18:22 < udit_s> hmm. Okay. Let me get to that.

18:23 < udit_s> Also, about decision stumps... Is there no match for a subview_row<double> or subview_rowvec ?

18:23 < naywhayare> what do you mean?

18:24 < udit_s> I've been trying to send the sorted weights row vector as a parameter to the calculateEntropy function - it doesn't compile.

18:25 < udit_s> hang on, let me get the exact statement for you.

18:31 < naywhayare> ok, I'm about to get some lunch... I'll be back in an hour or so

18:33 < udit_s> I'll be off to sleep in a while... I'll push the updates for adaboost, and I'll talk to you about the stumps code either tomorrow or over email.

18:35 < naywhayare> okay

18:54 udit_s has quit [Quit: Leaving]

18:56 < jenkins-mlpack> Project mlpack - svn checkin test build #2055: SUCCESS in 1 hr 29 min: http://big.cc.gt.atl.ga.us:8080/job/mlpack%20-%20svn%20checkin%20test/2055/

18:56 < jenkins-mlpack> Ryan Curtin: Extremely minor changes.

19:02 < jenkins-mlpack> Starting build #2056 for job mlpack - svn checkin test (previous build: SUCCESS)

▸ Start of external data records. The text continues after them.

(* Let $\sigma$ be a relational vocabulary and $\sigma^*$ its extension by relation symbols $C_n$ of arity $n$ for each positive integer $n$. For a $\sigma$-structure $\mathcal{A}$, let $C(\mathcal{A})$ be the $\sigma^*$-structure extending $\mathcal{A}$ with $C_n^{C(\mathcal{A})}(a_1,\dots,a_n)$ iff $\mathcal{A}\models\mathrm{clique}_n(a_1,\dots,a_n)$. For $\sigma$-structures $\mathcal{A}$ and $\mathcal{B}$ the following are equivalent: (1) Duplicator has a winning strategy for the clique guarded bisimulation game between $\mathcal{A}$ and $\mathcal{B}$; (2) Duplicator has a winning strategy for the atom guarded bisimulation game between $C(\mathcal{A})$ and $C(\mathcal{B})$. Moreover, the equivalence remains true if both games are restricted to a fixed finite number of rounds, or both restricted to guarded sets of width at most $k$ ($k$-guarded sets), or if both are replaced by the corresponding simulation games (from $\mathcal{A}$ to $\mathcal{B}$, respectively from $C(\mathcal{A})$ to $C(\mathcal{B})$).
   Context: The Gaifman graph of a structure has its elements as vertices, distinct elements adjacent iff they co-occur in a tuple of some relation. For each $n\ge1$, $\mathrm{clique}_n$ is a positive existential formula such that $\mathcal{A}\models\mathrm{clique}_n(a_1,\dots,a_n)$ iff $a_1,\dots,a_n$ form a clique in the Gaifman graph of $\mathcal{A}$. A set $X$ is clique guarded (resp. atom guarded) if it is contained in the set of entries of a finite tuple $\vec a$ satisfying some $\mathrm{clique}_n$ (resp. some atomic formula in which all of its variables occur); it is $k$-guarded if moreover $\vec a$ can be taken of length at most $k$. The $\mathfrak{g}$-guarded bisimulation game between $\mathcal{A}$ and $\mathcal{B}$: $X_0=Y_0=\varnothing$, $\varphi_0=\varnothing$; in round $n+1$ Spoiler either picks a $\mathfrak{g}$-guarded $X_{n+1}$ in $\mathcal{A}$ and Duplicator answers with a $\mathfrak{g}$-guarded $Y_{n+1}$ in $\mathcal{B}$ and a partial isomorphism $\varphi_{n+1}:X_{n+1}\to Y_{n+1}$ agreeing with $\varphi_n$ on $X_{n+1}\cap X_n$, or picks a $\mathfrak{g}$-guarded $Y_{n+1}$ in $\mathcal{B}$ and Duplicator answers with a $\mathfrak{g}$-guarded $X_{n+1}$ in $\mathcal{A}$ and a partial isomorphism $\varphi_{n+1}$ whose inverse agrees with $\varphi_n^{-1}$ on $Y_{n+1}\cap Y_n$. Duplicator wins if he can always respond. The simulation game from $\mathcal{A}$ to $\mathcal{B}$ is the variant where Spoiler only plays in $\mathcal{A}$ and Duplicator's maps $\varphi_{n+1}$ need only be partial homomorphisms (agreeing with $\varphi_n$ on overlaps). *)

From Stdlib Require Import List Arith.
Import ListNotations.

Record vocab := Vocab { sym : Type; arity : sym -> nat }.

Record structure (V : vocab) := Structure {
  carrier :> Type;
  rel : sym V -> list carrier -> Prop;
  rel_arity : forall s t, rel s t -> length t = arity V s }.
Arguments rel {V} _ _ _.

Section Basics.
Context {V : vocab} (A : structure V).

Definition gaifman_adj (a b : A) : Prop :=
  a <> b /\ exists s t, rel A s t /\ In a t /\ In b t.

(** [a_1 .. a_n] form a clique in the Gaifman graph
    (semantics of clique_n(a_1,...,a_n)). *)
Definition is_clique (a : list A) : Prop :=
  forall x y, In x a -> In y a -> x = y \/ gaifman_adj x y.

Definition within (k : option nat) (n : nat) : Prop :=
  match k with None => True | Some k => n <= k end.

Definition clique_guarded (k : option nat) (X : A -> Prop) : Prop :=
  exists a : list A, 1 <= length a /\ within k (length a) /\ is_clique a /\
    forall x, X x -> In x a.

(** [a] (the values of the variables x_1..x_n) satisfies an atomic formula
    in which all of the variables x_1..x_n occur: either R(x_{f 1},...,x_{f m})
    with f onto, i.e. the entries of [a] are exactly the entries of a tuple in
    some relation, or an equality atom x_1 = x_1 / x_1 = x_2. *)
Definition atom_sat (a : list A) : Prop :=
  (exists s t, rel A s t /\ forall x, In x a <-> In x t) \/
  (exists x, a = [x] \/ a = [x; x]).

Definition atom_guarded (k : option nat) (X : A -> Prop) : Prop :=
  exists a : list A, within k (length a) /\ atom_sat a /\
    forall x, X x -> In x a.
End Basics.

(** The extension sigma* and the structure C(A): [inr n] is C_{n+1}. *)
Definition vocab_star (V : vocab) : vocab :=
  Vocab (sym V + nat)%type
        (fun s => match s with inl s => arity V s | inr n => S n end).

Definition rel_star {V : vocab} (A : structure V) (s : sym (vocab_star V))
  (t : list A) : Prop :=
  match s with
  | inl s => rel A s t
  | inr n => length t = S n /\ is_clique A t
  end.

Lemma rel_star_arity {V : vocab} (A : structure V) :
  forall s t, rel_star A s t -> length t = arity (vocab_star V) s.
Proof. intros [s|n] t H; simpl in *; [apply (rel_arity V A); exact H | apply H]. Qed.

Definition Cstr {V : vocab} (A : structure V) : structure (vocab_star V) :=
  Structure (vocab_star V) A (rel_star A) (rel_star_arity A).

(** Games.  A position is (the graph of) the current partial map phi_n. *)
Inductive game_kind := Bisim | Sim.

Section Game.
Context {V : vocab} (A B : structure V)
        (gA : (A -> Prop) -> Prop) (gB : (B -> Prop) -> Prop).

Definition partial_iso (X : A -> Prop) (Y : B -> Prop) (P : A -> B -> Prop) :=
  (forall x y y', P x y -> P x y' -> y = y') /\
  (forall x x' y, P x y -> P x' y -> x = x') /\
  (forall x, X x <-> exists y, P x y) /\
  (forall y, Y y <-> exists x, P x y) /\
  (forall s t u, Forall2 P t u -> (rel A s t <-> rel B s u)).

Definition partial_hom (X : A -> Prop) (Y : B -> Prop) (P : A -> B -> Prop) :=
  (forall x y y', P x y -> P x y' -> y = y') /\
  (forall x, X x <-> exists y, P x y) /\
  (forall x y, P x y -> Y y) /\
  (forall s t u, Forall2 P t u -> rel A s t -> rel B s u).

Definition partial_map (kind : game_kind) :=
  match kind with Bisim => partial_iso | Sim => partial_hom end.

(** Spoiler plays X' in A: Duplicator answers Y', phi' agreeing with phi on X' ∩ X *)
Definition fwd_move (kind : game_kind) (win : (A -> B -> Prop) -> Prop)
  (P : A -> B -> Prop) : Prop :=
  forall X', gA X' -> exists (Y' : B -> Prop) (P' : A -> B -> Prop),
    gB Y' /\ partial_map kind X' Y' P' /\
    (forall x y, X' x -> P x y -> P' x y) /\ win P'.

(** Spoiler plays Y' in B: Duplicator answers X', phi' whose inverse agrees
    with phi^{-1} on Y' ∩ Y *)
Definition bwd_move (win : (A -> B -> Prop) -> Prop) (P : A -> B -> Prop) : Prop :=
  forall Y', gB Y' -> exists (X' : A -> Prop) (P' : A -> B -> Prop),
    gA X' /\ partial_iso X' Y' P' /\
    (forall x y, Y' y -> P x y -> P' x y) /\ win P'.

Definition spoiler_moves (kind : game_kind) (win : (A -> B -> Prop) -> Prop)
  (P : A -> B -> Prop) : Prop :=
  fwd_move kind win P /\ (kind = Bisim -> bwd_move win P).

Fixpoint dup_wins_n (kind : game_kind) (n : nat) (P : A -> B -> Prop) : Prop :=
  match n with
  | 0 => True
  | S m => spoiler_moves kind (dup_wins_n kind m) P
  end.

CoInductive dup_wins_inf (kind : game_kind) (P : A -> B -> Prop) : Prop :=
  dup_wins_inf_intro : spoiler_moves kind (dup_wins_inf kind) P -> dup_wins_inf kind P.

Definition empty_map : A -> B -> Prop := fun _ _ => False.

Definition duplicator_wins (kind : game_kind) (rounds : option nat) : Prop :=
  match rounds with
  | None => dup_wins_inf kind empty_map
  | Some n => dup_wins_n kind n empty_map
  end.
End Game.

Definition clique_game {V : vocab} (kind : game_kind) (rounds : option nat)
  (k : option nat) (A B : structure V) : Prop :=
  duplicator_wins A B (clique_guarded A k) (clique_guarded B k) kind rounds.

Definition atom_game_C {V : vocab} (kind : game_kind) (rounds : option nat)
  (k : option nat) (A B : structure V) : Prop :=
  duplicator_wins (Cstr A) (Cstr B) (atom_guarded (Cstr A) k) (atom_guarded (Cstr B) k)
    kind rounds.

(** In C(A) every clique of the Gaifman graph of A is the entry set of a
    C_n-tuple, and conversely every tuple of a relation of C(A) lists a clique
    of A (the Gaifman graph of C(A) is that of A).  Hence the atom guarded sets
    of C(A) are exactly the clique guarded sets of A, with the same width
    bound.  On clique guarded sets moreover the partial isomorphisms
    (homomorphisms) of A and B are exactly those of C(A) and C(B): the
    C_n-relations are automatically preserved, because both sides of such a
    map lie inside cliques.  So in every position Spoiler has the same moves
    and Duplicator the same answers in the two games, for any number of rounds,
    width bound and kind of game. *)
From Stdlib Require Import List Lia Classical.
Import ListNotations.

Lemma Forall2_In_r {S T : Type} (R : S -> T -> Prop) t u y :
  Forall2 R t u -> In y u -> exists x, R x y.
Proof.
  induction 1 as [|x y' t u Hxy _ IH]; simpl; [tauto|].
  intros [<-|Hy]; eauto.
Qed.

Section GameCoinduction.
Context {V : vocab} (A B : structure V)
        (gA : (A -> Prop) -> Prop) (gB : (B -> Prop) -> Prop).

(* Transparent, so that the guard checker can look through it in the cofixpoint
   of [dup_wins_inf_coind]. *)
Lemma spoiler_moves_mono kind (w1 w2 : (A -> B -> Prop) -> Prop) :
  (forall Q, w1 Q -> w2 Q) ->
  forall P, spoiler_moves A B gA gB kind w1 P -> spoiler_moves A B gA gB kind w2 P.
Proof.
  intros Hw P [Hfwd Hbwd]; split.
  - intros X' HX'.
    destruct (Hfwd X' HX') as (Y' & P' & HY' & Hmap & Hagree & Hwin).
    exists Y', P'; auto.
  - intros Hkind Y' HY'.
    destruct (Hbwd Hkind Y' HY') as (X' & P' & HX' & Hmap & Hagree & Hwin).
    exists X', P'; auto.
Defined.

Lemma dup_wins_inf_coind kind (R : (A -> B -> Prop) -> Prop) :
  (forall P, R P -> spoiler_moves A B gA gB kind R P) ->
  forall P, R P -> dup_wins_inf A B gA gB kind P.
Proof.
  intros Hinv. cofix CH. intros P HP. constructor.
  exact (spoiler_moves_mono kind R _ CH P (Hinv P HP)).
Qed.

Lemma dup_wins_inf_unfold kind P :
  dup_wins_inf A B gA gB kind P ->
  spoiler_moves A B gA gB kind (dup_wins_inf A B gA gB kind) P.
Proof. intros [H]; exact H. Qed.

End GameCoinduction.

Section CliqueStructure.
Context {V : vocab}.

Lemma clique_guarded_is_clique (A : structure V) k X t :
  clique_guarded A k X -> (forall x, In x t -> X x) -> is_clique A t.
Proof.
  intros (a & _ & _ & Hclique & HXa) Ht x y Hx Hy.
  apply Hclique; apply HXa, Ht; assumption.
Qed.

Lemma clique_guarded_iff_atom_guarded_C (A : structure V) k X :
  inhabited A -> within k 1 ->
  clique_guarded A k X <-> atom_guarded (Cstr A) k X.
Proof.
  intros [x0] Hk1; split.
  - intros ([|y a] & Hlen & Hw & Hclique & HXa); [inversion Hlen|].
    exists (y :: a); repeat split; [assumption| |assumption].
    left; exists (inr (length a)), (y :: a); simpl; tauto.
  - intros ([|y a] & Hw & Hatom & HXa).
    + (* a nullary atom guards the empty set; so does any singleton clique *)
      exists [x0]; repeat split; [auto|assumption| |intros x Hx; destruct (HXa x Hx)].
      intros x y [<-|[]] [<-|[]]; auto.
    + exists (y :: a); repeat split; [simpl; lia|assumption| |assumption].
      intros u v Hu Hv.
      destruct Hatom as [([s|n] & t & Hrel & Hsame) | (z & Hz)].
      * destruct (classic (u = v)) as [Heq|Hneq]; [left; exact Heq|].
        right; split; [exact Hneq|].
        exists s, t; rewrite <- !Hsame; auto.
      * apply (proj2 Hrel); apply Hsame; assumption.
      * left; destruct Hz as [Hz|Hz]; rewrite Hz in Hu, Hv; simpl in Hu, Hv;
          intuition congruence.
Qed.

Lemma rel_C_Forall2 (A B : structure V) k (P : A -> B -> Prop) (Y : B -> Prop) n t u :
  clique_guarded B k Y -> (forall x y, P x y -> Y y) ->
  Forall2 P t u -> rel (Cstr A) (inr n) t -> rel (Cstr B) (inr n) u.
Proof.
  intros HY HPY HPtu [Hlen _]; split.
  - rewrite <- (Forall2_length HPtu); exact Hlen.
  - apply (clique_guarded_is_clique B k Y u HY); intros y Hy.
    destruct (Forall2_In_r P t u y HPtu Hy) as [x Hxy]; eauto.
Qed.

Section PartialMaps.
Context (A B : structure V) (k : option nat) (X : A -> Prop) (Y : B -> Prop)
        (HX : clique_guarded A k X) (HY : clique_guarded B k Y).

Lemma partial_iso_C P :
  partial_iso A B X Y P <-> partial_iso (Cstr A) (Cstr B) X Y P.
Proof.
  split; intros (Hfun & Hinj & Hdom & Hrng & Hrel);
    repeat (split; [assumption|]).
  - intros [s|n] t u HPtu; [exact (Hrel s t u HPtu)|split].
    + apply (rel_C_Forall2 A B k P Y); auto.
      intros x y Hxy; apply Hrng; eauto.
    + apply (rel_C_Forall2 B A k (fun y x => P x y) X); auto.
      * intros y x Hxy; apply Hdom; eauto.
      * exact (Forall2_flip HPtu).
  - intros s; exact (Hrel (inl s)).
Qed.

Lemma partial_hom_C P :
  partial_hom A B X Y P <-> partial_hom (Cstr A) (Cstr B) X Y P.
Proof.
  split; intros (Hfun & Hdom & Hrng & Hrel);
    repeat (split; [assumption|]).
  - intros [s|n] t u HPtu; [exact (Hrel s t u HPtu)|].
    exact (rel_C_Forall2 A B k P Y n t u HY Hrng HPtu).
  - intros s; exact (Hrel (inl s)).
Qed.

Lemma partial_map_C kind P :
  partial_map A B kind X Y P <-> partial_map (Cstr A) (Cstr B) kind X Y P.
Proof. destruct kind; [apply partial_iso_C | apply partial_hom_C]. Qed.

End PartialMaps.

Section Games.
Context (A B : structure V) (k : option nat)
        (inhA : inhabited A) (inhB : inhabited B) (Hk1 : within k 1).

Let guardA_iff := clique_guarded_iff_atom_guarded_C A k.
Let guardB_iff := clique_guarded_iff_atom_guarded_C B k.

Lemma spoiler_moves_C kind win P :
  spoiler_moves A B (clique_guarded A k) (clique_guarded B k) kind win P <->
  spoiler_moves (Cstr A) (Cstr B) (atom_guarded (Cstr A) k) (atom_guarded (Cstr B) k)
    kind win P.
Proof.
  unfold spoiler_moves, fwd_move, bwd_move.
  split; intros [Hfwd Hbwd]; split.
  - intros X' HX'; rewrite <- guardA_iff in HX' by assumption.
    destruct (Hfwd X' HX') as (Y' & P' & HY' & Hmap & Hrest).
    exists Y', P'; rewrite <- guardB_iff, <- partial_map_C by eassumption; auto.
  - intros Hkind Y' HY'; rewrite <- guardB_iff in HY' by assumption.
    destruct (Hbwd Hkind Y' HY') as (X' & P' & HX' & Hmap & Hrest).
    exists X', P'; rewrite <- guardA_iff, <- (partial_iso_C A B k) by eassumption; auto.
  - intros X' HX'.
    destruct (Hfwd X' ltac:(apply guardA_iff; assumption)) as (Y' & P' & HY' & Hmap & Hrest).
    rewrite <- guardB_iff in HY' by assumption.
    exists Y', P'; rewrite partial_map_C by eassumption; auto.
  - intros Hkind Y' HY'.
    destruct (Hbwd Hkind Y' ltac:(apply guardB_iff; assumption)) as (X' & P' & HX' & Hmap & Hrest).
    rewrite <- guardA_iff in HX' by assumption.
    exists X', P'; rewrite (partial_iso_C A B k) by eassumption; auto.
Qed.

Lemma dup_wins_n_C kind n P :
  dup_wins_n A B (clique_guarded A k) (clique_guarded B k) kind n P <->
  dup_wins_n (Cstr A) (Cstr B) (atom_guarded (Cstr A) k) (atom_guarded (Cstr B) k) kind n P.
Proof.
  revert P; induction n as [|n IH]; simpl; intros P; [tauto|].
  rewrite spoiler_moves_C; split; apply spoiler_moves_mono; intros Q; apply IH.
Qed.

Lemma dup_wins_inf_C kind P :
  dup_wins_inf A B (clique_guarded A k) (clique_guarded B k) kind P <->
  dup_wins_inf (Cstr A) (Cstr B) (atom_guarded (Cstr A) k) (atom_guarded (Cstr B) k) kind P.
Proof.
  split; apply dup_wins_inf_coind; intros Q HQ; apply dup_wins_inf_unfold in HQ.
  - apply spoiler_moves_C in HQ; exact HQ.
  - apply spoiler_moves_C; exact HQ.
Qed.

Lemma clique_game_iff_atom_game_C kind rounds :
  clique_game kind rounds k A B <-> atom_game_C kind rounds k A B.
Proof.
  destruct rounds as [n|]; [apply dup_wins_n_C | apply dup_wins_inf_C].
Qed.

End Games.
End CliqueStructure.

Theorem proposition8p2 (V : vocab) (A B : structure V) :
  inhabited A -> inhabited B ->
  (clique_game Bisim None None A B <-> atom_game_C Bisim None None A B) /\
  (forall n : nat,
     clique_game Bisim (Some n) None A B <-> atom_game_C Bisim (Some n) None A B) /\
  (forall k : nat, 1 <= k ->
     clique_game Bisim None (Some k) A B <-> atom_game_C Bisim None (Some k) A B) /\
  (clique_game Sim None None A B <-> atom_game_C Sim None None A B).
Proof.
  intros inhA inhB.
  split; [|split; [|split]]; intros;
    apply clique_game_iff_atom_game_C; simpl; auto.
Qed.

19:50 < jenkins-mlpack> Project mlpack - nightly matrix build build #536: FAILURE in 2 hr 49 min: http://big.cc.gt.atl.ga.us:8080/job/mlpack%20-%20nightly%20matrix%20build/536/

19:50 < jenkins-mlpack> * Ryan Curtin: Extremely minor changes.

19:50 < jenkins-mlpack> * Ryan Curtin: Don't do base cases before recursing. This is slightly cleaner code and will

19:50 < jenkins-mlpack> properly handle the case where the tree is only one node deep.

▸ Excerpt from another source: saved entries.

Lemma path_locally_constant (P : T -> Prop) (g : R -> T) (a b : R) :
  a <= b -> continuous g ->
  (forall s, `[a, b] s -> \forall q \near g s, P (g s) <-> P q) ->
  P (g a) -> P (g b).
Proof.
move=> ab cg Pnear Pa.
have ab_a : `[a, b] a by rewrite /= in_itv /= lexx ab.
have ab_b : `[a, b] b by rewrite /= in_itv /= lexx ab.
have near_g s : `[a, b] s -> \forall t \near s, P (g s) <-> P (g t).
  by move=> abs; exact: cg s _ (Pnear s abs).
suff : `[a, b] `&` (P \o g) = `[a, b] by move/seteqP => [_ /(_ b ab_b) []].
apply: segment_connected.
- by exists a.
- exists (P \o g)°; first exact: open_interior.
  apply/seteqP; split=> s [abs Ps]; split=> //; last exact: interior_subset.
  by apply: filterS (near_g s abs) => t /= <-.
exists (~` [set s | ~ P (g s)]°); first exact/open_closedC/open_interior.
apply/seteqP; split=> s [abs Ps]; split=> //.
  by move/interior_subset.
apply: contrapT => nPs; apply: Ps.
by apply: filterS (near_g s abs) => t /= [_ PtPs] /PtPs.
Qed.

End Paths.

Lemma continuous_lerp (R : realType) (V : normedModType R) (a b : V) :
  continuous (fun s : R => (1 - s) *: a + s *: b).
Proof.
move=> s; apply: cvgD; apply: cvgZ; try exact: cvg_cst; try exact: cvg_id.
by apply: cvgB; [exact: cvg_cst | exact: cvg_id].
Qed.

Section DotProduct.
Variables (R : realType) (n : nat).
Implicit Types (v w z : 'rV[R]_n) (k : R).

Lemma dotvC v w : dotv v w = dotv w v.
Proof. by apply: eq_bigr => j _; rewrite mulrC. Qed.

Lemma dotvDl v w z : dotv (v + w) z = dotv v z + dotv w z.
Proof. by rewrite /dotv -big_split; apply: eq_bigr => j _; rewrite !mxE mulrDl. Qed.

Lemma dotvDr v w z : dotv z (v + w) = dotv z v + dotv z w.
Proof. by rewrite dotvC dotvDl !(dotvC z). Qed.

Lemma dotvZl k v w : dotv (k *: v) w = k * dotv v w.
Proof. by rewrite /dotv mulr_sumr; apply: eq_bigr => j _; rewrite !mxE mulrA. Qed.

Lemma dotvZr k v w : dotv w (k *: v) = k * dotv w v.
Proof. by rewrite dotvC dotvZl dotvC. Qed.

Lemma dotvNl v w : dotv (- v) w = - dotv v w.
Proof. by rewrite -scaleN1r dotvZl mulN1r. Qed.

Lemma dotvNr v w : dotv w (- v) = - dotv w v.
Proof. by rewrite -scaleN1r dotvZr mulN1r. Qed.

Lemma dotv0r v : dotv v 0 = 0.
Proof. by rewrite -(scale0r 0) dotvZr mul0r. Qed.

Lemma dotvv_ge0 v : 0 <= dotv v v.
Proof. by apply: sumr_ge0 => j _; rewrite -expr2 sqr_ge0. Qed.

Lemma dotvv_eq0 v : dotv v v = 0 -> v = 0.
Proof.
move/eqP; rewrite psumr_eq0 => [/allP vv0|j _]; last by rewrite -expr2 sqr_ge0.
apply/rowP => j; rewrite mxE; apply/eqP.
by have := vv0 j (mem_index_enum _); rewrite /= mulf_eq0 orbb.
Qed.

Lemma dotv_const1 : dotv (const_mx 1 : 'rV[R]_n) (const_mx 1) = n%:R.
Proof.
by rewrite /dotv; under eq_bigr do rewrite !mxE mulr1; rewrite sumr_const card_ord.
Qed.

Lemma continuous_dotv (T : topologicalType) (f g : T -> 'rV[R]_n) :
  continuous f -> continuous g -> continuous (fun x => dotv (f x) (g x)).
Proof.
move=> cf cg; apply: continuous_big => [|j _ x]; first exact: add_continuous.
by apply: cvgM; [exact: continuous_comp (cf x) (@coord_continuous R 1 n 0 j _)
                | exact: continuous_comp (cg x) (@coord_continuous R 1 n 0 j _)].
Qed.

End DotProduct.

Section HorizontalLines.
Variables (R : realType) (n : nat).
Local Notation H := (heis R n).
Implicit Types (p q : H) (v w : 'rV[R]_n).

Definition hstep p v w : H :=
  ((hx p + v, hy p + w), ht p + 2 * (dotv (hy p) v - dotv (hx p) w)).

Lemma hmul_horizontal p v w : hmul p ((v, w), 0) = hstep p v w.
Proof. by rewrite /hmul /hstep /im_herm addr0. Qed.

Lemma hinv_hstep p v w : hmul (hinv p) (hstep p v w) = ((v, w), 0).
Proof.
case: p => [[x y] t]; rewrite /hmul /hinv /hstep /im_herm /hx /hy /ht /= !addKr.
by congr (_, _); rewrite !dotvDr !dotvNl (dotvC x y); ring.
Qed.

Lemma hsegment_hstep p v w l :
  hmul p (hdil l (hmul (hinv p) (hstep p v w))) = hstep p (l *: v) (l *: w).
Proof. by rewrite hinv_hstep /hdil /hx /hy /ht /= mulr0 hmul_horizontal. Qed.

Lemma hstep0 p : hstep p 0 0 = p.
Proof. by case: p => [[x y] t]; rewrite /hstep !addr0 !dotv0r subrr mulr0 addr0. Qed.

Lemma hstepK p v w : hstep (hstep p v w) (- v) (- w) = p.
Proof.
case: p => [[x y] t]; rewrite /hstep /hx /hy /ht /= !addrK; congr (_, _).
by rewrite !dotvDl !dotvNr (dotvC w v); ring.
Qed.

Lemma hstep_scaleD p v w a b :
  hstep (hstep p (a *: v) (a *: w)) (b *: v) (b *: w) =
  hstep p ((a + b) *: v) ((a + b) *: w).
Proof.
case: p => [[x y] t]; rewrite /hstep /hx /hy /ht /= !scalerDl !addrA.
by congr (_, _); rewrite !dotvDl !dotvDr !dotvZl !dotvZr (dotvC v w); ring.
Qed.

Lemma heis_eta p : ((hx p, hy p), ht p) = p.
Proof. by case: p => [[]]. Qed.

Definition hvert p c : H := ((hx p, hy p), ht p + c).

Lemma hvertD p c d : hvert (hvert p c) d = hvert p (c + d).
Proof. by rewrite /hvert /hx /hy /ht /= addrA. Qed.

Lemma hvert_to p q : hx p = hx q -> hy p = hy q -> hvert p (ht q - ht p) = q.
Proof. by rewrite /hvert => -> ->; rewrite addrC subrK heis_eta. Qed.

Lemma hcommutator_vertical p v w :
  hstep (hstep (hstep (hstep p v 0) 0 w) (- v) 0) 0 (- w) =
  hvert p (- (4 * dotv v w)).
Proof.
case: p => [[x y] t]; rewrite /hvert /hstep /hx /hy /ht /= !addr0 !addrK.
by congr (_, _); rewrite !dotv0r !dotvDl !dotvNr (dotvC w v); ring.
Qed.

Lemma hplane_sym p q : hplane p q -> hplane q p.
Proof. by rewrite /hplane /= => ->; ring. Qed.

Lemma hstep_in_hplane p v w : hplane p (hstep p v w).
Proof.
case: p => [[x y] t]; rewrite /hplane /hstep /hx /hy /ht /=.
by rewrite !dotvDl !dotvDr (dotvC v y); ring.
Qed.

Lemma dH_hstep p v w : dH (hstep p v w) p = Num.sqrt (dotv v v + dotv w w).
Proof.
rewrite /dH hinv_hstep /gauge /hx /hy /ht /= expr0n addr0 sqrtr_sqr ger0_norm //.
by rewrite addr_ge0 ?dotvv_ge0.
Qed.

Lemma continuous_hx : continuous (@hx R n).
Proof. by move=> p; apply: (@continuous_comp _ _ _ fst fst); apply: cvg_fst. Qed.

Lemma continuous_hy : continuous (@hy R n).
Proof.
by move=> p; apply: (@continuous_comp _ _ _ fst snd); [apply: cvg_fst | apply: cvg_snd].
Qed.

Lemma continuous_ht : continuous (@ht R n).
Proof. by move=> p; apply: cvg_snd. Qed.

Lemma continuous_heis (T : topologicalType) (f g : T -> 'rV[R]_n) (h : T -> R) :
  continuous f -> continuous g -> continuous h ->
  continuous (fun x => ((f x, g x), h x) : H).
Proof.
move=> cf cg ch x; apply: (@cvg_pair _ _ _ _ (nbhs (_ : _ * _)) (nbhs (_ : R))).
  by apply: (@cvg_pair _ _ _ _ (nbhs (_ : 'rV[R]_n)) (nbhs (_ : 'rV[R]_n)));
    [exact: cf | exact: cg].
exact: ch.
Qed.

Lemma continuous_hstep (T : topologicalType) (F : T -> H) (g h : T -> 'rV[R]_n) :
  continuous F -> continuous g -> continuous h ->
  continuous (fun x => hstep (F x) (g x) (h x)).
Proof.
move=> cF cg ch.
have cFx : continuous (@hx R n \o F).
  by move=> x; apply: continuous_comp; [exact: cF | exact: continuous_hx].
have cFy : continuous (@hy R n \o F).
  by move=> x; apply: continuous_comp; [exact: cF | exact: continuous_hy].
have cFt : continuous (@ht R n \o F).
  by move=> x; apply: continuous_comp; [exact: cF | exact: continuous_ht].
apply: continuous_heis => x; [exact: cvgD (cFx x) (cg x) | exact: cvgD (cFy x) (ch x) |].
apply: cvgD (cFt x) _; apply: cvgM; first exact: cvg_cst.
by apply: cvgB; [exact: (continuous_dotv cFy cg) | exact: (continuous_dotv cFx ch)].
Qed.

Lemma tboundary_open (S : set H) : open S -> tboundary S = closure S `\` S.
Proof. by move=> /interior_id oS; rewrite /tboundary oS. Qed.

20:30 < jenkins-mlpack> Project mlpack - svn checkin test build #2056: SUCCESS in 1 hr 28 min: http://big.cc.gt.atl.ga.us:8080/job/mlpack%20-%20svn%20checkin%20test/2056/

20:30 < jenkins-mlpack> saxena.udit: More tests for Adaboost added, with tolerance for change in rt also provided.

22:10 < jenkins-mlpack> Starting build #2057 for job mlpack - svn checkin test (previous build: SUCCESS)

22:18 < jenkins-mlpack> Project mlpack - svn checkin test build #2057: FAILURE in 7 min 46 sec: http://big.cc.gt.atl.ga.us:8080/job/mlpack%20-%20svn%20checkin%20test/2057/

22:18 < jenkins-mlpack> Ryan Curtin: Refactor KMeans so that the actual Lloyd iteration step is separate, since there

22:18 < jenkins-mlpack> are many ways to do a Lloyd iteration.

22:55 < jenkins-mlpack> Starting build #2058 for job mlpack - svn checkin test (previous build: FAILURE -- last SUCCESS #2056 3 hr 53 min ago)

23:22 andrewmw94 has quit [Quit: Leaving.]